Vouchers have been at the center of one of the most vociferous battles over education reform in recent years. Bush’s proposal to up the ante when his request for $50 million in the current budget year has not been approved was seen by opponents as almost a provocation.

“When you consider all the unfunded needs of local school districts, this is clearly a political, not a practical, calculation,” said Celia Lose, spokeswoman for the American Federation of Teachers.

Overall, Bush’s new budget calls for $53.1 billion in total spending for the Education Department. That is $2.8 billion, or 5.6%, above what Bush sought a year ago.

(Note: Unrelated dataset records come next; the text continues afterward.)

(* Let $\mathcal M=\{A,B,C,D\}$ be a minimal non-passive discrete-time model. Then for every Hermitian $X>0$ there exists $\xi^*(X)>0$ such that $\widetilde W(X,\mathcal M_{-\xi^*(X)})\ge0$. Moreover, for every $\xi>\xi^*(X)$ the model $\mathcal M_{-\xi}$ is passive (indeed $\widetilde W(X,\mathcal M_{-\xi})\ge0$).
   Context: A discrete-time model is $\mathcal M=\{A,B,C,D\}$ with $A\in\mathbb C^{n\times n}$, $B\in\mathbb C^{n\times m}$, $C\in\mathbb C^{m\times n}$, $D\in\mathbb C^{m\times m}$; minimal means $(A,B)$ controllable and $(A,C)$ observable. For a model $\mathcal N=\{A',B',C',D'\}$ and Hermitian $X$, $$\widetilde W(X,\mathcal N)=\begin{bmatrix} X & XA' & XB'\\ A'^{\mathsf H}X & X & C'^{\mathsf H}\\ B'^{\mathsf H}X & C' & D'^{\mathsf H}+D'\end{bmatrix},\qquad W(X,\mathcal N)=\begin{bmatrix} X-A'^{\mathsf H}XA' & C'^{\mathsf H}-A'^{\mathsf H}XB'\\ C'-B'^{\mathsf H}XA' & D'^{\mathsf H}+D'-B'^{\mathsf H}XB'\end{bmatrix};$$ $\mathcal N$ is called passive if there is a Hermitian $X>0$ with $W(X,\mathcal N)\ge0$ (equivalently $\widetilde W(X,\mathcal N)\ge0$). For $\xi>-1$, $\mathcal M_{-\xi}=\{\tfrac{A}{1+\xi},\tfrac{B}{1+\xi},\tfrac{C}{1+\xi},\tfrac{D+\xi I_m}{1+\xi}\}$. *)

From HB Require Import structures.
From mathcomp Require Import all_boot all_order all_algebra.
From mathcomp Require Import complex.
From mathcomp Require Import reals.
Set Implicit Arguments. Unset Strict Implicit. Unset Printing Implicit Defensive.
Import Order.TTheory GRing.Theory Num.Theory.
Local Open Scope ring_scope.

Section Defs.
Variable R : realType.
Local Notation C := (complex R).

Definition ctr (p q : nat) (M : 'M[C]_(p, q)) : 'M[C]_(q, p) :=
  (map_mx Num.conj M)^T.

Definition hermitian (p : nat) (M : 'M[C]_p) : Prop := ctr M = M.

Definition psd (p : nat) (M : 'M[C]_p) : Prop :=
  hermitian M /\ forall v : 'cV[C]_p, 0 <= (ctr v *m M *m v) 0 0.

Definition pd (p : nat) (M : 'M[C]_p) : Prop :=
  hermitian M /\ forall v : 'cV[C]_p, v != 0 -> 0 < (ctr v *m M *m v) 0 0.

Record model (n m : nat) := Model {
  mA : 'M[C]_n; mB : 'M[C]_(n, m); mC : 'M[C]_(m, n); mD : 'M[C]_m }.

Definition controllable (n m : nat) (A : 'M[C]_n) (B : 'M[C]_(n, m)) : bool :=
  \rank (\mxrow_(k < n) (A ^+ k *m B)) == n.
Definition observable (n m : nat) (A : 'M[C]_n) (Cm : 'M[C]_(m, n)) : bool :=
  \rank (\mxcol_(k < n) (Cm *m A ^+ k)) == n.

Definition minimal (n m : nat) (M : model n m) : Prop :=
  controllable (mA M) (mB M) /\ observable (mA M) (mC M).

Definition Wt (n m : nat) (X : 'M[C]_n) (N : model n m) : 'M[C]_(n + (n + m)) :=
  block_mx X (row_mx (X *m mA N) (X *m mB N))
           (col_mx (ctr (mA N) *m X) (ctr (mB N) *m X))
           (block_mx X (ctr (mC N)) (mC N) (ctr (mD N) + mD N)).

Definition W (n m : nat) (X : 'M[C]_n) (N : model n m) : 'M[C]_(n + m) :=
  block_mx (X - ctr (mA N) *m X *m mA N) (ctr (mC N) - ctr (mA N) *m X *m mB N)
           (mC N - ctr (mB N) *m X *m mA N)
           (ctr (mD N) + mD N - ctr (mB N) *m X *m mB N).

Definition passive (n m : nat) (N : model n m) : Prop :=
  exists X : 'M[C]_n, pd X /\ psd (W X N).

(* M_{-xi} for real xi > -1 *)
Definition shift (n m : nat) (M : model n m) (xi : R) : model n m :=
  let s := (1 + real_complex R xi)^-1 in
  Model (s *: mA M) (s *: mB M) (s *: mC M) (s *: (mD M + (real_complex R xi)%:M)).
End Defs.

(* Proof: (1 + xi) Wt(X, M_{-xi}) = Wt(X, M) + xi diag(X, X, 2I). The quadratic form
   of the positive definite diag(X, X, 2I) dominates c |v|^2 for some c > 0 (spectral
   theorem), while that of the Hermitian Wt(X, M) is at least -K |v|^2. Hence
   Wt(X, M_{-xi}) >= 0 as soon as xi >= K / c, and then M_{-xi} is passive with the
   same X, because W(X, N) is a compression of Wt(X, N). *)

From Pilot Require Import Defs.
From HB Require Import structures.
From mathcomp Require Import all_boot all_order all_algebra.
From mathcomp Require Import complex.
From mathcomp Require Import reals.
From mathcomp Require Import sesquilinear spectral.
Import Order.TTheory GRing.Theory Num.Theory.
Set Implicit Arguments. Unset Strict Implicit. Unset Printing Implicit Defensive.
Local Open Scope ring_scope.

Section ConjugateTranspose.
Variable R : realType.
Local Notation C := (complex R).

Lemma ctr_trC p q (M : 'M[C]_(p, q)) : ctr M = (M ^t* )%sesqui.
Proof. by rewrite /ctr map_trmx. Qed.

Lemma ctrK p q (A : 'M[C]_(p, q)) : ctr (ctr A) = A.
Proof. by apply/matrixP => i j; rewrite !mxE conjCK. Qed.

Lemma ctr_mul p q r (A : 'M[C]_(p, q)) (B : 'M[C]_(q, r)) :
  ctr (A *m B) = ctr B *m ctr A.
Proof. by rewrite /ctr map_mxM trmx_mul. Qed.

Lemma ctrD p q (A B : 'M[C]_(p, q)) : ctr (A + B) = ctr A + ctr B.
Proof. by rewrite /ctr map_mxD linearD. Qed.

Lemma ctrN p q (A : 'M[C]_(p, q)) : ctr (- A) = - ctr A.
Proof. by rewrite /ctr map_mxN linearN. Qed.

Lemma ctrB p q (A B : 'M[C]_(p, q)) : ctr (A - B) = ctr A - ctr B.
Proof. by rewrite ctrD ctrN. Qed.

Lemma ctrZ p q (a : C) (A : 'M[C]_(p, q)) : ctr (a *: A) = a^* *: ctr A.
Proof. by apply/matrixP => i j; rewrite !mxE rmorphM. Qed.

Lemma ctr0 p q : ctr (0 : 'M[C]_(p, q)) = 0.
Proof. by rewrite /ctr map_mx0 trmx0. Qed.

Lemma ctr_scalar p (a : C) : ctr (a%:M : 'M[C]_p) = a^*%:M.
Proof. by rewrite /ctr map_scalar_mx tr_scalar_mx. Qed.

Lemma ctr_row p q1 q2 (A : 'M[C]_(p, q1)) (B : 'M[C]_(p, q2)) :
  ctr (row_mx A B) = col_mx (ctr A) (ctr B).
Proof. by rewrite /ctr map_row_mx tr_row_mx. Qed.

Lemma ctr_col p1 p2 q (A : 'M[C]_(p1, q)) (B : 'M[C]_(p2, q)) :
  ctr (col_mx A B) = row_mx (ctr A) (ctr B).
Proof. by rewrite /ctr map_col_mx tr_col_mx. Qed.

Lemma ctr_block p1 p2 q1 q2 (A : 'M[C]_(p1, q1)) (B : 'M[C]_(p1, q2))
    (Cc : 'M[C]_(p2, q1)) (D : 'M[C]_(p2, q2)) :
  ctr (block_mx A B Cc D) = block_mx (ctr A) (ctr Cc) (ctr B) (ctr D).
Proof. by rewrite /ctr map_block_mx tr_block_mx. Qed.

End ConjugateTranspose.

Section QuadraticForms.
Variable R : realType.
Local Notation C := (complex R).

Definition qform p (H : 'M[C]_p) (v : 'cV[C]_p) : C := (ctr v *m H *m v) 0 0.

Definition sqnorm p (v : 'cV[C]_p) : C := (ctr v *m v) 0 0.

Lemma qformE p (H : 'M[C]_p) v :
  qform H v = \sum_j \sum_i (v i 0)^* * H i j * v j 0.
Proof.
rewrite /qform !mxE; apply: eq_bigr => j _; rewrite !mxE mulr_suml.
by apply: eq_bigr => i _; rewrite !mxE.
Qed.

Lemma sqnormE p (v : 'cV[C]_p) : sqnorm v = \sum_i `|v i 0| ^+ 2.
Proof. by rewrite /sqnorm !mxE; apply: eq_bigr => i _; rewrite !mxE normCK mulrC. Qed.

Lemma sqnorm_ge0 p (v : 'cV[C]_p) : 0 <= sqnorm v.
Proof. by rewrite sqnormE sumr_ge0 // => i _; rewrite exprn_ge0. Qed.

Lemma sqnorm_gt0 p (v : 'cV[C]_p) : v != 0 -> 0 < sqnorm v.
Proof.
move=> v_neq0; rewrite lt_def sqnorm_ge0 andbT; apply: contraNneq v_neq0.
rewrite sqnormE => /psumr_eq0P v0; apply/eqP/matrixP => i j.
rewrite ord1 mxE; apply/eqP; rewrite -normr_eq0 -sqrf_eq0.
by rewrite v0 // => k _; rewrite exprn_ge0.
Qed.

Lemma sqnorm_ge_entry p (v : 'cV[C]_p) i : `|v i 0| ^+ 2 <= sqnorm v.
Proof.
rewrite sqnormE (bigD1 i) //= lerDl.
by apply: sumr_ge0 => k _; rewrite exprn_ge0.
Qed.

Lemma sqnorm_ge_entryM p (v : 'cV[C]_p) i j : `|v i 0| * `|v j 0| <= sqnorm v.
Proof.
have /orP[le_ij|le_ji] := real_leVge (normr_real (v i 0)) (normr_real (v j 0)).
  by apply: le_trans (sqnorm_ge_entry v j); rewrite expr2 ler_wpM2r.
by apply: le_trans (sqnorm_ge_entry v i); rewrite expr2 ler_wpM2l.
Qed.

Lemma qformD p (H K : 'M[C]_p) v : qform (H + K) v = qform H v + qform K v.
Proof. by rewrite /qform mulmxDr mulmxDl mxE. Qed.

Lemma qformZ p a (H : 'M[C]_p) v : qform (a *: H) v = a * qform H v.
Proof. by rewrite /qform -scalemxAr -scalemxAl mxE. Qed.

Lemma qform_scalar p a (v : 'cV[C]_p) : qform a%:M v = a * sqnorm v.
Proof. by rewrite /qform mul_mx_scalar -scalemxAl mxE. Qed.

Lemma qform_block_diag p q (X : 'M[C]_p) (Y : 'M[C]_q) x y :
  qform (block_mx X 0 0 Y) (col_mx x y) = qform X x + qform Y y.
Proof.
by rewrite /qform ctr_col mul_row_block !mulmx0 addr0 add0r mul_row_col mxE.
Qed.

Lemma qform_real p (H : 'M[C]_p) v : Defs.hermitian H -> qform H v \is Num.real.
Proof.
move=> hH; apply/CrealP; rewrite /qform.
have -> : ((ctr v *m H *m v) 0 0)^* = (ctr (ctr v *m H *m v)) 0 0.
  by rewrite /ctr !mxE.
by rewrite !ctr_mul ctrK hH mulmxA.
Qed.

Lemma qform_bound p (H : 'M[C]_p) :
  exists2 K : R, 0 <= K & forall v, `|qform H v| <= K%:C%C * sqnorm v.
Proof.
pose K := \sum_j \sum_i `|H i j|.
have K_ge0 : 0 <= K by do 2![apply: sumr_ge0 => ? _].
exists (complex.Re K); first by rewrite -ler0c RRe_real ?ger0_real.
move=> v; rewrite RRe_real ?ger0_real // qformE mulr_suml.
apply: le_trans (ler_norm_sum _ _ _) _; apply: ler_sum => j _.
rewrite mulr_suml; apply: le_trans (ler_norm_sum _ _ _) _; apply: ler_sum => i _.
rewrite !normrM norm_conjC mulrAC mulrC ler_wpM2l //.
exact: sqnorm_ge_entryM.
Qed.

End QuadraticForms.

Lemma fin_pos_lbound (R : realDomainType) (I : finType) (f : I -> R) :
  (forall i, 0 < f i) -> exists2 c : R, 0 < c & forall i, c <= f i.
Proof.
move=> f_gt0; exists (\big[Order.min/1]_i f i); last by move=> i; exact: bigmin_le.
by elim/big_ind: _ => //= x y x_gt0 y_gt0; rewrite lt_min x_gt0.
Qed.

Section PositiveDefinite.
Variable R : realType.
Local Notation C := (complex R).

Lemma pd_qform_ge0 p (X : 'M[C]_p) v : pd X -> 0 <= qform X v.
Proof.
move=> [_ pX]; have [->|v_neq0] := eqVneq v 0; last exact/ltW/pX.
by rewrite /qform mulmx0 mxE.
Qed.

Lemma pd_block_diag p q (X : 'M[C]_p) (Y : 'M[C]_q) :
  pd X -> pd Y -> pd (block_mx X 0 0 Y).
Proof.
move=> pdX pdY; split.
  by rewrite /Defs.hermitian ctr_block !ctr0 pdX.1 pdY.1.
move=> v; rewrite -/(qform _ v) -[v]vsubmxK qform_block_diag.
set x := usubmx v; set y := dsubmx v.
have [-> v_neq0|x_neq0 _] := eqVneq x 0.
  rewrite ltr_wpDl ?pd_qform_ge0 //; apply: pdY.2.
  by apply: contraNneq v_neq0 => ->; rewrite col_mx0.
by rewrite ltr_wpDr ?pd_qform_ge0 //; exact: pdX.2.
Qed.

Lemma pd_scalar p (a : C) : 0 < a -> pd (a%:M : 'M[C]_p).
Proof.
move=> a_gt0; split; first by rewrite /Defs.hermitian ctr_scalar conj_Creal ?gtr0_real.
by move=> v v_neq0; rewrite -/(qform _ v) qform_scalar mulr_gt0 ?sqnorm_gt0.
Qed.

Lemma hermitian_hermsymmx p (X : 'M[C]_p) : Defs.hermitian X -> X \is hermsymmx.
Proof. by move=> hX; rewrite qualifE /= expr0 scale1r -ctr_trC hX. Qed.

Lemma qform_diag_mx p (d : 'rV[C]_p) w :
  qform (diag_mx d) w = \sum_i d 0 i * `|w i 0| ^+ 2.
Proof.
rewrite /qform mul_mx_diag !mxE; apply: eq_bigr => i _.
by rewrite !mxE normCK mulrAC mulrC [_^* * _]mulrC.
Qed.

Lemma sqnorm_unitary p (U : 'M[C]_p) v :
  U \is unitarymx -> sqnorm (U *m v) = sqnorm v.
Proof.
move=> /unitarymxP UU; have UU' : ctr U *m U = 1%:M by apply: mulmx1C; rewrite ctr_trC.
by rewrite /sqnorm ctr_mul mulmxA -(mulmxA (ctr v)) UU' mulmx1.
Qed.

Lemma pd_sqnorm_lbound p (X : 'M[C]_p) : pd X ->
  exists2 c : R, 0 < c & forall v, c%:C%C * sqnorm v <= qform X v.
Proof.
move=> [hX pX].
have /orthomx_spectralP eX := hermitian_normalmx (hermitian_hermsymmx hX).
set U := spectralmx X in eX; set d := spectral_diag X in eX.
have U_unitary : U \is unitarymx := spectral_unitarymx X.
have qformX v : qform X v = qform (diag_mx d) (U *m v).
  by rewrite /qform {1}eX invmx_unitary // -ctr_trC ctr_mul !mulmxA.
have d_gt0 i : 0 < d 0 i.
  pose v : 'cV[C]_p := ctr U *m delta_mx i 0.
  have Uv : U *m v = delta_mx i 0.
    by rewrite /v mulmxA ctr_trC (unitarymxP U_unitary) mul1mx.
  have v_neq0 : v != 0.
    apply: contra_neq (@oner_neq0 C) => v0.
    by move: Uv; rewrite v0 mulmx0 => /matrixP/(_ i 0); rewrite !mxE !eqxx.
  have := pX v v_neq0; rewrite -/(qform X v) qformX Uv qform_diag_mx (bigD1 i) //= big1.
    by rewrite !mxE !eqxx normr1 expr1n mulr1 addr0.
  by move=> k ki; rewrite !mxE (negbTE ki) normr0 expr0n mulr0.
have d_real i : (complex.Re (d 0 i))%:C%C = d 0 i by rewrite RRe_real ?gtr0_real.
have [c c_gt0 le_c_d] : exists2 c : R, 0 < c & forall i, c <= complex.Re (d 0 i).
  by apply: fin_pos_lbound => i; rewrite -ltcR d_real.
exists c => // v; rewrite qformX -(sqnorm_unitary v U_unitary).
rewrite qform_diag_mx sqnormE mulr_sumr; apply: ler_sum => i _.
by rewrite ler_wpM2r ?exprn_ge0 // -d_real lecR.
Qed.

End PositiveDefinite.

Section Passivity.
Variable R : realType.
Local Notation C := (complex R).

Lemma Wt_hermitian n m (X : 'M[C]_n) (N : model R n m) :
  Defs.hermitian X -> Defs.hermitian (Wt X N).
Proof.
move=> hX; rewrite /Defs.hermitian /Wt ctr_block ctr_row ctr_col ctr_block.
by rewrite !ctr_mul !ctrK hX ctrD addrC ctrK.
Qed.

Lemma Wt_blockE n m (X : 'M[C]_n) (N : model R n m) :
  let F := row_mx (mA N) (mB N) in
  Wt X N = block_mx X (X *m F) (ctr F *m X)
                    (block_mx X (ctr (mC N)) (mC N) (ctr (mD N) + mD N)).
Proof. by rewrite /Wt mul_mx_row ctr_row mul_col_mx. Qed.

Lemma W_blockE n m (X : 'M[C]_n) (N : model R n m) :
  let F := row_mx (mA N) (mB N) in
  W X N = block_mx X (ctr (mC N)) (mC N) (ctr (mD N) + mD N) - ctr F *m X *m F.
Proof.
rewrite /W ctr_row mul_col_mx mul_col_row -!mulmxA.
by rewrite opp_block_mx add_block_mx.
Qed.

Lemma W_hermitian n m (X : 'M[C]_n) (N : model R n m) :
  Defs.hermitian X -> Defs.hermitian (W X N).
Proof.
move=> hX; rewrite /Defs.hermitian W_blockE ctrB ctr_block !ctr_mul !ctrK hX.
by rewrite ctrD ctrK [mD N + _]addrC mulmxA.
Qed.

(* [W X N] is [Wt X N] compressed to the vectors [(-F v, v)], so [Wt X N >= 0]
   forces [W X N >= 0]. *)
Lemma qform_W n m (X : 'M[C]_n) (N : model R n m) v :
  let F := row_mx (mA N) (mB N) in
  qform (W X N) v = qform (Wt X N) (col_mx (- (F *m v)) v).
Proof.
move=> F; rewrite /qform W_blockE Wt_blockE -/F ctr_col ctrN ctr_mul.
rewrite mul_row_block mul_row_col !mulNmx !mulmxA addNr mul0mx add0r.
by rewrite mulmxBr !mulmxA addrC.
Qed.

But it is several billion dollars less than what the GOP-controlled Senate has approved for the current fiscal year -- a sign that education, like other domestic issues, will be a congressional battleground.

Included in the education budget are sizable requests to help low-income schoolchildren in the Title I program (an additional $1 billion, to $12.4 billion); disabled children through special education grants to states ($1 billion more, to $9.5 billion); and Pell Grants for needy college students ($1.9 billion more, to $12.7 billion).

Education Secretary Rod Paige called those three proposed increases “monumental.”

But critics said the Bush blueprint fell far short of the promised full funding for the president’s own landmark program for school reform, the No Child Left Behind Act signed into law last year.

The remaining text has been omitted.